Moreover, we could have used different amplitudes such that $|\alpha|^2=|\beta|^2=1/2$ and gotten different energies. So, we need to devise a way to avoid guessing amplitudes. All in all, we used quotation marks for ‘square roots’ for a reason!

It turns out that to describe statistical mixtures we can use density matrices.

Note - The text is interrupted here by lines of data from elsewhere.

(* For every instance, the infima over valid stochastic schedules satisfy $$\inf_\sigma \mathrm{EMP}[\sigma]=\inf_\sigma\mathrm{MEP}[\sigma]=\inf_\sigma\mathrm{EEP}[\sigma]\qquad\text{and}\qquad \inf_\sigma\mathrm{WMP}[\sigma]=\inf_\sigma\mathrm{MWP}[\sigma]=\inf_\sigma\mathrm{WEP}[\sigma].$$
   Context: An instance consists of a finite set $E$ of $n$ elements with nonnegative weights $(p_e)_{e\in E}$, and $m$ tests; test $i\in[m]$ is a subset $s_i\subseteq E$. A schedule is an infinite sequence $\sigma_1,\sigma_2,\dots\in[m]$ of tests. A stochastic schedule generates the sequence randomly, the distribution of $\sigma_t$ possibly depending on $\sigma_1,\dots,\sigma_{t-1}$ (deterministic schedules are a special case). The detection time of element $e$ at time $t\ge 1$ is $T(e,t)=\mathbb{E}\big[1+\min\{h\ge 0: e\in s_{\sigma_{t+h}}\}\big]$. Let $M_t[e]=\sup_{t\ge1}T(e,t)$ and $E_t[e]=\lim_{H\to\infty}\frac1H\sum_{t=1}^H T(e,t)$. A schedule is valid if for every $e$, $M_t[e]$ is finite and $E_t[e]$ exists, and for every test $i$ the limit $\lim_{H\to\infty}\frac1H\sum_{t=1}^H\Pr[\sigma_t=i]$ exists. Objectives: $\mathrm{EMP}=\sum_e p_e M_t[e]$, $\mathrm{MEP}=\sup_t\sum_e p_eT(e,t)$, $\mathrm{EEP}=\sum_e p_eE_t[e]$, $\mathrm{WMP}=\sup_{e,t}p_eT(e,t)$, $\mathrm{WEP}=\max_e p_eE_t[e]$, $\mathrm{MWP}=\lim_{H\to\infty}\frac1H\sum_{t=1}^H\max_e p_eT(e,t)$. Infima are over valid stochastic schedules. *)

From HB Require Import structures.
From mathcomp Require Import all_boot all_order all_algebra.
From mathcomp Require Import all_classical all_reals all_analysis.
Set Implicit Arguments. Unset Strict Implicit. Unset Printing Implicit Defensive.
Import Order.TTheory GRing.Theory Num.Theory numFieldNormedType.Exports.
Local Open Scope classical_set_scope.
Local Open Scope ring_scope.

(* Elements are 'I_n, tests are 'I_m, test i is the set s i : {set 'I_n},
   weights p : 'I_n -> R.  Times are 0-indexed internally: internal time t
   corresponds to time t+1 of the paper.

   A stochastic schedule is given by its conditional laws: K h is the
   distribution of the next test given the history h (the tests chosen so far). *)
Definition kernel (R : realType) (m : nat) := seq 'I_m -> 'I_m -> R.

Definition is_kernel (R : realType) (m : nat) (K : kernel R m) : Prop :=
  (forall h i, 0 <= K h i) /\ (forall h, \sum_(i < m) K h i = 1).

Definition prob_hist (R : realType) (m : nat) (K : kernel R m) (L : nat)
  (w : L.-tuple 'I_m) : R :=
  \prod_(i < L) K (take i w) (tnth w i).

(* Pr[ e is not in s_{sigma_{t+1}}, ..., s_{sigma_{t+k}} ]  (paper times t+1..t+k) *)
Definition miss_prob (R : realType) (n m : nat) (s : 'I_m -> {set 'I_n})
  (K : kernel R m) (e : 'I_n) (t k : nat) : R :=
  \sum_(w : (t + k).-tuple 'I_m)
     prob_hist K w *
     (if [forall j : 'I_(t + k), (t <= j)%N ==> (e \notin s (tnth w j))]
      then 1 else 0).

(* Detection time T(e, t+1) = E[1 + H] = sum_{k>=0} Pr[1 + H > k]
   (tail-sum formula for the expectation of a N u {oo}-valued variable). *)
Definition Tdet (R : realType) (n m : nat) (s : 'I_m -> {set 'I_n})
  (K : kernel R m) (e : 'I_n) (t : nat) : \bar R :=
  (\sum_(k <oo) (miss_prob s K e t k)%:E)%E.

Definition test_prob (R : realType) (m : nat) (K : kernel R m) (i : 'I_m)
  (t : nat) : R :=
  \sum_(w : t.+1.-tuple 'I_m) prob_hist K w * (if tnth w ord_max == i then 1 else 0).

(* (1/H) sum_{t=1}^{H} u_t, indexed by H.+1 to avoid H = 0 *)
Definition cesaro (R : realType) (u : nat -> R) (H : nat) : R :=
  (\sum_(t < H.+1) u t) / H.+1%:R.

Definition Mt (R : realType) (n m : nat) (s : 'I_m -> {set 'I_n})
  (K : kernel R m) (e : 'I_n) : \bar R :=
  ereal_sup (range (Tdet s K e)).

Definition Et (R : realType) (n m : nat) (s : 'I_m -> {set 'I_n})
  (K : kernel R m) (e : 'I_n) : R :=
  limn (cesaro (fun t => fine (Tdet s K e t))).

Definition valid (R : realType) (n m : nat) (s : 'I_m -> {set 'I_n})
  (K : kernel R m) : Prop :=
  [/\ is_kernel K,
      forall e, (Mt s K e < +oo)%E,
      forall e, cvgn (cesaro (fun t => fine (Tdet s K e t)))
    & forall i, cvgn (cesaro (test_prob K i))].

Section objectives.
Variables (R : realType) (n m : nat) (p : 'I_n -> R) (s : 'I_m -> {set 'I_n}).
Lemma soundness (G : list form) (a : form) :
  nd G a -> forall B, supp_all G B -> supp a B.
Proof.
  induction 1 as [G a Hin|G a _ IH|G a b _ IHa _ IHb|G a b _ IH|G a b _ IH
                 |G a b _ IH|G a b _ IH|G a b c _ IH _ IHa _ IHb|G a b _ IH
                 |G a b _ IHab _ IHa]; intros B HB.
  - exact (HB a Hin).
  - exact (supp_bot_elim a B (IH B HB)).
  - apply supp_and_iff; auto.
  - exact (proj1 (proj1 (supp_and_iff a b B) (IH B HB))).
  - exact (proj2 (proj1 (supp_and_iff a b B) (IH B HB))).
  - intros C HC p K _; apply (K C (extends_refl C)); eapply supp_mono; eauto.
  - intros C HC p _ K; apply (K C (extends_refl C)); eapply supp_mono; eauto.
  - apply (supp_or_elim a b c B (IH B HB)); intros D HD Hab;
      [apply IHa | apply IHb]; exact (supp_all_cons _ _ _ _ HB HD Hab).
  - intros C HC Ha; apply IH; exact (supp_all_cons _ _ _ _ HB HC Ha).
  - exact (IHab B HB B (extends_refl B) (IHa B HB)).
Qed.

Lemma nd_weaken (G : list form) (a : form) :
  nd G a -> forall G', incl G G' -> nd G' a.
Proof.
  induction 1; intros G' HG.
  - apply nd_ax; auto.
  - apply nd_botE; auto.
  - apply nd_andI; auto.
  - eapply nd_andE1; eauto.
  - eapply nd_andE2; eauto.
  - apply nd_orI1; auto.
  - apply nd_orI2; auto.
  - eapply nd_orE; [apply IHnd1 | apply IHnd2 | apply IHnd3];
      auto using incl_cons, in_eq, incl_tl.
  - apply nd_impI, IHnd; auto using incl_cons, in_eq, incl_tl.
  - eapply nd_impE; eauto.
Qed.
Variables (gT cT : finGroupType) (G : {group gT}) (C : {group cT}).
Hypotheses (cycC : cyclic C) (oC : #|C| = #|G|).

Lemma card_pfactor_elts_le_cyclic p k : prime p -> 0 < k ->
  #|pfactor_elts G p k| <= #|pfactor_elts C p k|.
Proof.
move=> p_pr k_gt0; have [pk_dvd_G|] := boolP (p ^ k %| #|G|); last first.
  by move/pfactor_elts0 => ->; rewrite cards0.
have countG := card_pfactor_elts_Ldiv G p_pr k_gt0.
have countC := card_pfactor_elts_cyclic p_pr cycC k_gt0 (etrans (congr1 _ oC) pk_dvd_G).
have := leq_Ldiv (partC_expn_pred_dvdn p_pr (cardG_gt0 G) pk_dvd_G).
rewrite oC in countC; lia.
Qed.

Lemma logn_prod_orders_le_cyclic p :
  logn p (prod_orders G) <= logn p (prod_orders C).
Proof.
have [p_pr|p_npr] := boolP (prime p); last by rewrite /logn (negbTE p_npr).
rewrite !logn_prod_orders // oC big_nat_cond [leqRHS]big_nat_cond.
apply: leq_sum => k /andP[/andP[k_gt0 _] _].
exact: card_pfactor_elts_le_cyclic.
Qed.

Lemma prod_orders_dvd_cyclic : prod_orders G %| prod_orders C.
Proof.
apply/dvdn_partP => [|p]; first exact: prod_orders_gt0.
rewrite mem_primes => /and3P[p_pr _ _].
by rewrite p_part pfactor_dvdn ?prod_orders_gt0 ?logn_prod_orders_le_cyclic.
Qed.

Lemma card_pfactor_elts_eq_cyclic p k :
  prod_orders G = prod_orders C -> prime p -> 0 < k < #|G| ->
  #|pfactor_elts G p k| = #|pfactor_elts C p k|.
Proof.
move=> eqGC p_pr k_range.
have le_GC i : 1 <= i < #|G| -> #|pfactor_elts G p i| <= #|pfactor_elts C p i|.
  by case/andP=> i_gt0 _; apply: card_pfactor_elts_le_cyclic.
have := congr1 (logn p) eqGC; rewrite !logn_prod_orders // oC => eq_sums.
have : \sum_(1 <= i < #|G|) (#|pfactor_elts C p i| - #|pfactor_elts G p i|) == 0.
  rewrite big_nat_cond sumnB => [|i /andP[/le_GC //]].
  by rewrite -!big_nat_cond eq_sums subnn.
rewrite sum_nat_seq_eq0 => /allP/(_ k); rewrite mem_index_iota k_range /=.
by move/(_ isT); rewrite subn_eq0 => le_CG; apply/eqP; rewrite eqn_leq le_CG le_GC.
Qed.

The states we’d been looking at before are described by vectors like this:

$| \psi \rangle = \begin{bmatrix} \alpha \\ \beta \end{bmatrix}$

These are called ‘pure states’. For a pure state, here is how we create a density matrix:

$\rho = | \psi \rangle \langle \psi | \equiv \begin{bmatrix} \alpha \alpha^* & \alpha \beta^*\\ \beta \alpha^* & \beta \beta^* \end{bmatrix}$

$\rho = \begin{bmatrix} 1/2 & -1/2\\ -1/2 & 1/2 \end{bmatrix}$

For an electron in the state $|1\rangle$ we get

$\rho = \begin{bmatrix} 1 & 0\\ 0 & 0 \end{bmatrix}.$

To calculate the energy, the recipe is the following:

$E = \mathrm{tr}[H \rho]$

where $\mathrm{tr}$ is the ‘trace‘: the sum of the diagonal entries. For a $n \times n$ square matrix with entries $A_{ij}$ its trace is

$\mathrm{tr}(A) = A_{11} + A_{22} + \ldots + A_{nn}$

Exercise 3. Show that this formula for energy, and the previous one, give the same result on pure states.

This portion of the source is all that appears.